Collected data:
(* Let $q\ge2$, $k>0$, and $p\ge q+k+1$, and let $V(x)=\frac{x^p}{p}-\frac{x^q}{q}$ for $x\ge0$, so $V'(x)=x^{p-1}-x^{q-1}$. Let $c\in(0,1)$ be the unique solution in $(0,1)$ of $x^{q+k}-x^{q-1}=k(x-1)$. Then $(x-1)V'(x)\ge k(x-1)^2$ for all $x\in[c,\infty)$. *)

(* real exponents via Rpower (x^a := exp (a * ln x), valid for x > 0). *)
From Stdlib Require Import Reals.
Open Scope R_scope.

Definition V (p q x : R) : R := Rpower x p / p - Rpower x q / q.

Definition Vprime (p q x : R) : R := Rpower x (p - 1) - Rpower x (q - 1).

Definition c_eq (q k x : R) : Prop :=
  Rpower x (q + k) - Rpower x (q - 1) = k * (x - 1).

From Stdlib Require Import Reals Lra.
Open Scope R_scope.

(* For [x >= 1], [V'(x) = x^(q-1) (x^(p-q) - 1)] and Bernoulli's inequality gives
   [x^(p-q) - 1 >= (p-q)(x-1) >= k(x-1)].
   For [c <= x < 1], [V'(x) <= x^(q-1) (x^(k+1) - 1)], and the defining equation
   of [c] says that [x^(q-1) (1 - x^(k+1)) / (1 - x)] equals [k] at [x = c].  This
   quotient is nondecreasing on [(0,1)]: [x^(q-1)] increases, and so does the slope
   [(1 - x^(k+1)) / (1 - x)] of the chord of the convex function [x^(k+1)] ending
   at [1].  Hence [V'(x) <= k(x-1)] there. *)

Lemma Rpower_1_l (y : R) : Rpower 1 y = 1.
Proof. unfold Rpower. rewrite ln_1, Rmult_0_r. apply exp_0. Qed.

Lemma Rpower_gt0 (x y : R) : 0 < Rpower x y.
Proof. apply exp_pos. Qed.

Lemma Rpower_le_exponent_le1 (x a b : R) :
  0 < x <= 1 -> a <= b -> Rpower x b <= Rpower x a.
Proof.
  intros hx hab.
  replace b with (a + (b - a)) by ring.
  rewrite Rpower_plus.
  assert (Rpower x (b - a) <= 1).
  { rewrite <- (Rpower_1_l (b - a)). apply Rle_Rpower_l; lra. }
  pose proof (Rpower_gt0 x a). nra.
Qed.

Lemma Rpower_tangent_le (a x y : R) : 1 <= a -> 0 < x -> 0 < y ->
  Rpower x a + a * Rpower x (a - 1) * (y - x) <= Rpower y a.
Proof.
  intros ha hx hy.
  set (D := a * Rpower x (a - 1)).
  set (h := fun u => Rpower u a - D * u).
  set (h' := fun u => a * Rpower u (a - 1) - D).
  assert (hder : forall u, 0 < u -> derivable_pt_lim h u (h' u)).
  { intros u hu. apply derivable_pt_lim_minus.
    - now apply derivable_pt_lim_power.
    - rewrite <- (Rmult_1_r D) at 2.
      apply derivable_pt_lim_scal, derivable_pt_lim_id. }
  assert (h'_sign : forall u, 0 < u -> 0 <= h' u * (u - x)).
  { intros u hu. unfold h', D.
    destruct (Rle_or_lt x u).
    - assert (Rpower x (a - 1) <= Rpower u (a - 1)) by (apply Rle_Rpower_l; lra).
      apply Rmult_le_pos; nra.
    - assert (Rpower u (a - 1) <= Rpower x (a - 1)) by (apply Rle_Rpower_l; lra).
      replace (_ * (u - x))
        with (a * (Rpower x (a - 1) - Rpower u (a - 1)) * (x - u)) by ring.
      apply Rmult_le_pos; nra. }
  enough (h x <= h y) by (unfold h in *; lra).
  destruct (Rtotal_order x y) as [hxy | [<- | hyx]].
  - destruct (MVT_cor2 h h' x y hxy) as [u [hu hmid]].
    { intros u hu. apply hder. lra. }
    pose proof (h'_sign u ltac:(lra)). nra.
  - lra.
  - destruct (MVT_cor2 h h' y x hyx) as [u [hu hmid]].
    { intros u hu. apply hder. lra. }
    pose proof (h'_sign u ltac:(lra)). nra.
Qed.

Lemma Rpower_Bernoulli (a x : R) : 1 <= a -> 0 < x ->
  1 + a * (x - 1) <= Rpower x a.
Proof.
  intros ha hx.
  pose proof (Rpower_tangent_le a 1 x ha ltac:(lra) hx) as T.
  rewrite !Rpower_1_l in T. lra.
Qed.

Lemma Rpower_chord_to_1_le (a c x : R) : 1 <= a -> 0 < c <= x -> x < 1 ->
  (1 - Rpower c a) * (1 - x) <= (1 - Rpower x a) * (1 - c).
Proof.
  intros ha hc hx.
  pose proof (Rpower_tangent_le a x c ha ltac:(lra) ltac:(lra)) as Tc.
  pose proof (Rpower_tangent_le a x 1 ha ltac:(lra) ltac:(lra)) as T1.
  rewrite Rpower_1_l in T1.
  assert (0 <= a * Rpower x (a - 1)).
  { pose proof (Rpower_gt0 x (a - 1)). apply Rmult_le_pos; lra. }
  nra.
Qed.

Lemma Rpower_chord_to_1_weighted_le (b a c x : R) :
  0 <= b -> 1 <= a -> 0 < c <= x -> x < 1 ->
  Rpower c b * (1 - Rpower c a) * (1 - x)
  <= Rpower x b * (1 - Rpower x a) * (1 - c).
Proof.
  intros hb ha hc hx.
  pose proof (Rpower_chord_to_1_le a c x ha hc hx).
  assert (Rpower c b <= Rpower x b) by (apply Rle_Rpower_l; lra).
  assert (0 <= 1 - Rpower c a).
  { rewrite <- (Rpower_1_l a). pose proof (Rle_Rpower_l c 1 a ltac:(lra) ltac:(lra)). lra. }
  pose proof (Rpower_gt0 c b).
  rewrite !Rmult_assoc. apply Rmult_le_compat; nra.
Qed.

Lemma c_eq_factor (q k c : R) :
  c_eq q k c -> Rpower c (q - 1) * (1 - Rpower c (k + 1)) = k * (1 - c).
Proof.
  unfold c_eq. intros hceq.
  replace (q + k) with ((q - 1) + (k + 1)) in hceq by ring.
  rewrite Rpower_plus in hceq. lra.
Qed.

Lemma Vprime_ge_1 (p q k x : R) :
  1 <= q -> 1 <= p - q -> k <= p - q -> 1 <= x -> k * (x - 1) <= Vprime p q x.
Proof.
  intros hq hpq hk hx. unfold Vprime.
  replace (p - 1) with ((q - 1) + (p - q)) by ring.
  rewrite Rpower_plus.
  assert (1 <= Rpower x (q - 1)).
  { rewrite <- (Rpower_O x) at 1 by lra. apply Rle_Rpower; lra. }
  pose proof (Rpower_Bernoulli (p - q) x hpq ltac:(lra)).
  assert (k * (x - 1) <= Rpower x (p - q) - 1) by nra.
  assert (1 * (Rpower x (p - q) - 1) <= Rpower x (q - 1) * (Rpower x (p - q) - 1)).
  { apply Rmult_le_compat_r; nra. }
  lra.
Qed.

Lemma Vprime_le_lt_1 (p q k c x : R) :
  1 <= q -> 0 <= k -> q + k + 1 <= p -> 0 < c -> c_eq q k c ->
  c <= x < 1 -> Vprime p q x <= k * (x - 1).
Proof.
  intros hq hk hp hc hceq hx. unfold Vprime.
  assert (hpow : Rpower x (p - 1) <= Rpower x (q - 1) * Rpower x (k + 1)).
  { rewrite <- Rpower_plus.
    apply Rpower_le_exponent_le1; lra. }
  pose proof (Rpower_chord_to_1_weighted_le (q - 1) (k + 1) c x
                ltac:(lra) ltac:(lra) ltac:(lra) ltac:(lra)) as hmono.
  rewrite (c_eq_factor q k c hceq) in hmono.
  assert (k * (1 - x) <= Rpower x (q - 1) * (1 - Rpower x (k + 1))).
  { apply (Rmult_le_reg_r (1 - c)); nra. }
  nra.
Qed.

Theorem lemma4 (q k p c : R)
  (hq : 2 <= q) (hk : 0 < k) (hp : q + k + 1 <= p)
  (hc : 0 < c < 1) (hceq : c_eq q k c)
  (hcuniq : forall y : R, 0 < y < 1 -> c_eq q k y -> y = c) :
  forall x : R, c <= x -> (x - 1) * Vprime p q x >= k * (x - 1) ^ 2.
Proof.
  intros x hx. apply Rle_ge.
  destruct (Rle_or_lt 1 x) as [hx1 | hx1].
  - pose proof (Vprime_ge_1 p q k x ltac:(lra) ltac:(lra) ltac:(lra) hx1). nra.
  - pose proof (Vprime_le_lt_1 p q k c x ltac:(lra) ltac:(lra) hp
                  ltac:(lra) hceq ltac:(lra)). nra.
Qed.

→ **REQUIRED WORK**
Display each line of the data where "hmid" occurs.

→ **PROBLEM SOLUTION**
  - destruct (MVT_cor2 h h' x y hxy) as [u [hu hmid]].
  - destruct (MVT_cor2 h h' y x hyx) as [u [hu hmid]].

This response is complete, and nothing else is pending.